# [REQUIRED ACTION]
The records that follow must be transcribed exactly, each one in full.

======== EXERCISE DATA ========

Lemma Rpower_opp_lt_1 P b : 1 < P -> 0 < b -> 0 < Rpower P (- b) < 1.
Proof.
  intros HP Hb. split; [apply exp_pos|].
  rewrite <- (Rpower_O P) by lra. apply Rpower_lt; lra.
Qed.

Lemma euler_factorR_geom P n b : 1 < P -> 0 < b ->
  euler_factorR P n b = geom_sumR (Rpower P (- b)) n.
Proof.
  intros HP Hb. unfold euler_factorR. set (r := Rpower P (- b)).
  assert (Hr : 0 < r < 1) by (apply Rpower_opp_lt_1; assumption).
  assert (Hrn : Rpower P (- INR (n + 1) * b) = r ^ S n).
  { unfold r. rewrite <- Rpower_pow by apply exp_pos. rewrite Rpower_mult.
    f_equal. rewrite Nat.add_1_r, S_INR. ring. }
  rewrite Hrn, <- geom_sumR_closed. field. lra.
Qed.

Lemma euler_factorR_pos P n b : 1 < P -> 0 < b -> 0 < euler_factorR P n b.
Proof.
  intros HP Hb. rewrite euler_factorR_geom by assumption.
  assert (0 < Rpower P (- b) < 1) by (apply Rpower_opp_lt_1; assumption).
  assert (1 <= geom_sumR (Rpower P (- b)) n) by (apply geom_sumR_ge1; lra).
  lra.
Qed.

Lemma euler_factor_geom c P n b t : 1 < P -> 0 < b -> Cmod c <= 1 ->
  euler_factor c P n (b, t) =
  geom_sumC (RtoC (Rpower P (- b)) * (c * cpow_neg P (0, t))) n.
Proof.
  intros HP Hb Hc. set (z := (RtoC (Rpower P (- b)) * (c * cpow_neg P (0, t)))%C).
  assert (Hr := Rpower_opp_lt_1 P b HP Hb).
  assert (Hw : Cmod (c * cpow_neg P (0, t)) <= 1)
    by (rewrite Cmod_mult, Cmod_cpow_neg_imag; lra).
  assert (Hz : Cmod z <= Rpower P (- b)) by (apply Cmod_scal_le; lra).
  assert (Hz1 : (1 - z)%C <> 0%C).
  { apply Cminus_eq_contra. intros E. rewrite <- E, Cmod_1 in Hz. lra. }
  assert (Hden : (c * cpow_neg P (b, t))%C = z)
    by (rewrite cpow_neg_real_imag; unfold z; ring).
  assert (Hnum : (c ^ (n + 1) * cpow_neg P (RtoC (INR (n + 1)) * (b, t)))%C = (z ^ S n)%C).
  { rewrite cpow_neg_nat_mul, Nat.add_1_r, <- Cpow_mult_l, Hden. reflexivity. }
  unfold euler_factor. rewrite Hnum, Hden, <- geom_sumC_closed. field. exact Hz1.
Qed.
Lemma lt_le_trans a b c : a ≺ b -> b ≼ c -> a ≺ c.
Proof. intros H [H'| <-]; auto. eapply lt_trans; eauto. Qed.

Lemma not_lt m n : ~ m ≺ n -> n ≼ m.
Proof. intro H. destruct (lt_tri m n) as [?|[->|?]]; [tauto|right|left]; auto. Qed.

Lemma le_not_lt m n : m ≼ n -> ~ n ≺ m.
Proof. intros [H| ->] H'; [eapply lt_asym | eapply lt_irr]; eauto. Qed.

Lemma lt_succ_le m n : m ≺ n ⊕ oA <-> m ≼ n.
Proof. apply ax_ltS. Qed.

Lemma lt_le_S m n : m ≺ n <-> m ⊕ oA ≼ n.
Proof. rewrite lt_ex, le_ex. split; intros [k ->]; exists k; ring. Qed.

Lemma le_0 m : zA ≼ m.
Proof. apply le_ex. exists m. ring. Qed.

Lemma le_add_r a k : a ≼ a ⊕ k.
Proof. apply le_ex. eauto. Qed.

Lemma le_add_l a k : a ≼ k ⊕ a.
Proof. apply le_ex. exists k. ring. Qed.

Lemma le_mul_pos a c : zA ≺ c -> a ≼ a ⊗ c.
Proof. rewrite lt_ex. intros [l ->]. apply le_ex. exists (a ⊗ l). ring. Qed.

Lemma pos_mul a b : zA ≺ a -> zA ≺ b -> zA ≺ a ⊗ b.
Proof. rewrite !lt_ex. intros [k ->] [l ->]. exists (k ⊗ l ⊕ k ⊕ l). ring. Qed.

Lemma least_number (P : forall A : L2str, Mc A -> (nat -> Mc A) -> (nat -> Sc A) -> Prop) :
  Definable (fun A e s => P A (e 0) (fun n => e (S n)) s) ->
  forall e s, (exists n, P A n e s) -> exists n, P A n e s /\ forall m, m ≺ n -> ~ P A m e s.
Proof.
  intros HP e s [n Hn]. apply NNPP. intro Hno.
  assert (Hall : forall n m, m ≺ n -> ~ P A m e s).
  { refine (definable_induction (fun A n e s => forall m, lt A m n -> ~ P A m e s) _ A HA e s _ _).
    - apply definable_all, definable_imp; [apply definable_lt; solve_termdef|].
      apply definable_imp; [|apply definable_false].
      exact (definable_rename _ (fun n => match n with 0 => 0 | S k => S (S k) end) HP).
    - intros m H. exfalso. eapply not_lt0; eauto.
    - intros k IH m Hm. apply lt_succ_le in Hm. destruct Hm as [Hm| ->]; auto.
      intro Hk. apply Hno. exists k. split; auto. }
  apply (Hall (n ⊕ oA) n); auto. apply lt_S.
Qed.



(** * Division, pairing and sequence codes *)

Lemma divmod m x : zA ≺ m -> exists q r, x = q ⊗ m ⊕ r /\ r ≺ m.
Proof.
  intro Hm. revert x. induct (fun A x (e : nat -> Mc A) (s : nat -> Sc A) =>
    exists q r, x = add A (mul A q (e 0)) r /\ lt A r (e 0)) (env [m]) (senv []).
  - exists zA, zA. split; [ring | auto].
  - intros x [q [r [-> Hr]]]. apply lt_le_S in Hr. destruct Hr as [Hr| Hr].
    + exists q, (r ⊕ oA). split; [ring | auto].
    + exists (q ⊕ oA), zA. split; [rewrite <- Hr; ring | auto].
Qed.

Lemma divmod_uniq m q r q' r' :
  q ⊗ m ⊕ r = q' ⊗ m ⊕ r' -> r ≺ m -> r' ≺ m -> q = q' /\ r = r'.
Proof.
  assert (Hq : forall q q' r r', q ≺ q' -> q ⊗ m ⊕ r = q' ⊗ m ⊕ r' -> ~ r ≺ m).
  { intros q0 q0' r0 r0' Hq H. apply lt_ex in Hq. destruct Hq as [k ->].
    assert (r0 = k ⊗ m ⊕ r0' ⊕ m) as ->.
    { apply (add_cancel_l _ _ (q0 ⊗ m)). rewrite H. ring. }
    apply le_not_lt, le_add_l. }
  intros H Hr Hr'. destruct (lt_tri q q') as [H1|[<-|H1]].
  - exfalso; eapply Hq; eauto.
  - split; auto. eapply add_cancel_l; eauto.
  - exfalso; eapply Hq; eauto.
Qed.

========

# [TASK ANSWER]
Lemma Rpower_opp_lt_1 P b : 1 < P -> 0 < b -> 0 < Rpower P (- b) < 1.
Proof.
  intros HP Hb. split; [apply exp_pos|].
  rewrite <- (Rpower_O P) by lra. apply Rpower_lt; lra.
Qed.

Lemma euler_factorR_geom P n b : 1 < P -> 0 < b ->
  euler_factorR P n b = geom_sumR (Rpower P (- b)) n.
Proof.
  intros HP Hb. unfold euler_factorR. set (r := Rpower P (- b)).
  assert (Hr : 0 < r < 1) by (apply Rpower_opp_lt_1; assumption).
  assert (Hrn : Rpower P (- INR (n + 1) * b) = r ^ S n).
  { unfold r. rewrite <- Rpower_pow by apply exp_pos. rewrite Rpower_mult.
    f_equal. rewrite Nat.add_1_r, S_INR. ring. }
  rewrite Hrn, <- geom_sumR_closed. field. lra.
Qed.

Lemma euler_factorR_pos P n b : 1 < P -> 0 < b -> 0 < euler_factorR P n b.
Proof.
  intros HP Hb. rewrite euler_factorR_geom by assumption.
  assert (0 < Rpower P (- b) < 1) by (apply Rpower_opp_lt_1; assumption).
  assert (1 <= geom_sumR (Rpower P (- b)) n) by (apply geom_sumR_ge1; lra).
  lra.
Qed.

Lemma euler_factor_geom c P n b t : 1 < P -> 0 < b -> Cmod c <= 1 ->
  euler_factor c P n (b, t) =
  geom_sumC (RtoC (Rpower P (- b)) * (c * cpow_neg P (0, t))) n.
Proof.
  intros HP Hb Hc. set (z := (RtoC (Rpower P (- b)) * (c * cpow_neg P (0, t)))%C).
  assert (Hr := Rpower_opp_lt_1 P b HP Hb).
  assert (Hw : Cmod (c * cpow_neg P (0, t)) <= 1)
    by (rewrite Cmod_mult, Cmod_cpow_neg_imag; lra).
  assert (Hz : Cmod z <= Rpower P (- b)) by (apply Cmod_scal_le; lra).
  assert (Hz1 : (1 - z)%C <> 0%C).
  { apply Cminus_eq_contra. intros E. rewrite <- E, Cmod_1 in Hz. lra. }
  assert (Hden : (c * cpow_neg P (b, t))%C = z)
    by (rewrite cpow_neg_real_imag; unfold z; ring).
  assert (Hnum : (c ^ (n + 1) * cpow_neg P (RtoC (INR (n + 1)) * (b, t)))%C = (z ^ S n)%C).
  { rewrite cpow_neg_nat_mul, Nat.add_1_r, <- Cpow_mult_l, Hden. reflexivity. }
  unfold euler_factor. rewrite Hnum, Hden, <- geom_sumC_closed. field. exact Hz1.
Qed.
Lemma lt_le_trans a b c : a ≺ b -> b ≼ c -> a ≺ c.
Proof. intros H [H'| <-]; auto. eapply lt_trans; eauto. Qed.

Lemma not_lt m n : ~ m ≺ n -> n ≼ m.
Proof. intro H. destruct (lt_tri m n) as [?|[->|?]]; [tauto|right|left]; auto. Qed.

Lemma le_not_lt m n : m ≼ n -> ~ n ≺ m.
Proof. intros [H| ->] H'; [eapply lt_asym | eapply lt_irr]; eauto. Qed.

Lemma lt_succ_le m n : m ≺ n ⊕ oA <-> m ≼ n.
Proof. apply ax_ltS. Qed.

Lemma lt_le_S m n : m ≺ n <-> m ⊕ oA ≼ n.
Proof. rewrite lt_ex, le_ex. split; intros [k ->]; exists k; ring. Qed.

Lemma le_0 m : zA ≼ m.
Proof. apply le_ex. exists m. ring. Qed.

Lemma le_add_r a k : a ≼ a ⊕ k.
Proof. apply le_ex. eauto. Qed.

Lemma le_add_l a k : a ≼ k ⊕ a.
Proof. apply le_ex. exists k. ring. Qed.

Lemma le_mul_pos a c : zA ≺ c -> a ≼ a ⊗ c.
Proof. rewrite lt_ex. intros [l ->]. apply le_ex. exists (a ⊗ l). ring. Qed.

Lemma pos_mul a b : zA ≺ a -> zA ≺ b -> zA ≺ a ⊗ b.
Proof. rewrite !lt_ex. intros [k ->] [l ->]. exists (k ⊗ l ⊕ k ⊕ l). ring. Qed.

Lemma least_number (P : forall A : L2str, Mc A -> (nat -> Mc A) -> (nat -> Sc A) -> Prop) :
  Definable (fun A e s => P A (e 0) (fun n => e (S n)) s) ->
  forall e s, (exists n, P A n e s) -> exists n, P A n e s /\ forall m, m ≺ n -> ~ P A m e s.
Proof.
  intros HP e s [n Hn]. apply NNPP. intro Hno.
  assert (Hall : forall n m, m ≺ n -> ~ P A m e s).
  { refine (definable_induction (fun A n e s => forall m, lt A m n -> ~ P A m e s) _ A HA e s _ _).
    - apply definable_all, definable_imp; [apply definable_lt; solve_termdef|].
      apply definable_imp; [|apply definable_false].
      exact (definable_rename _ (fun n => match n with 0 => 0 | S k => S (S k) end) HP).
    - intros m H. exfalso. eapply not_lt0; eauto.
    - intros k IH m Hm. apply lt_succ_le in Hm. destruct Hm as [Hm| ->]; auto.
      intro Hk. apply Hno. exists k. split; auto. }
  apply (Hall (n ⊕ oA) n); auto. apply lt_S.
Qed.



(** * Division, pairing and sequence codes *)

Lemma divmod m x : zA ≺ m -> exists q r, x = q ⊗ m ⊕ r /\ r ≺ m.
Proof.
  intro Hm. revert x. induct (fun A x (e : nat -> Mc A) (s : nat -> Sc A) =>
    exists q r, x = add A (mul A q (e 0)) r /\ lt A r (e 0)) (env [m]) (senv []).
  - exists zA, zA. split; [ring | auto].
  - intros x [q [r [-> Hr]]]. apply lt_le_S in Hr. destruct Hr as [Hr| Hr].
    + exists q, (r ⊕ oA). split; [ring | auto].
    + exists (q ⊕ oA), zA. split; [rewrite <- Hr; ring | auto].
Qed.

Lemma divmod_uniq m q r q' r' :
  q ⊗ m ⊕ r = q' ⊗ m ⊕ r' -> r ≺ m -> r' ≺ m -> q = q' /\ r = r'.
Proof.
  assert (Hq : forall q q' r r', q ≺ q' -> q ⊗ m ⊕ r = q' ⊗ m ⊕ r' -> ~ r ≺ m).
  { intros q0 q0' r0 r0' Hq H. apply lt_ex in Hq. destruct Hq as [k ->].
    assert (r0 = k ⊗ m ⊕ r0' ⊕ m) as ->.
    { apply (add_cancel_l _ _ (q0 ⊗ m)). rewrite H. ring. }
    apply le_not_lt, le_add_l. }
  intros H Hr Hr'. destruct (lt_tri q q') as [H1|[<-|H1]].
  - exfalso; eapply Hq; eauto.
  - split; auto. eapply add_cancel_l; eauto.
  - exfalso; eapply Hq; eauto.
Qed.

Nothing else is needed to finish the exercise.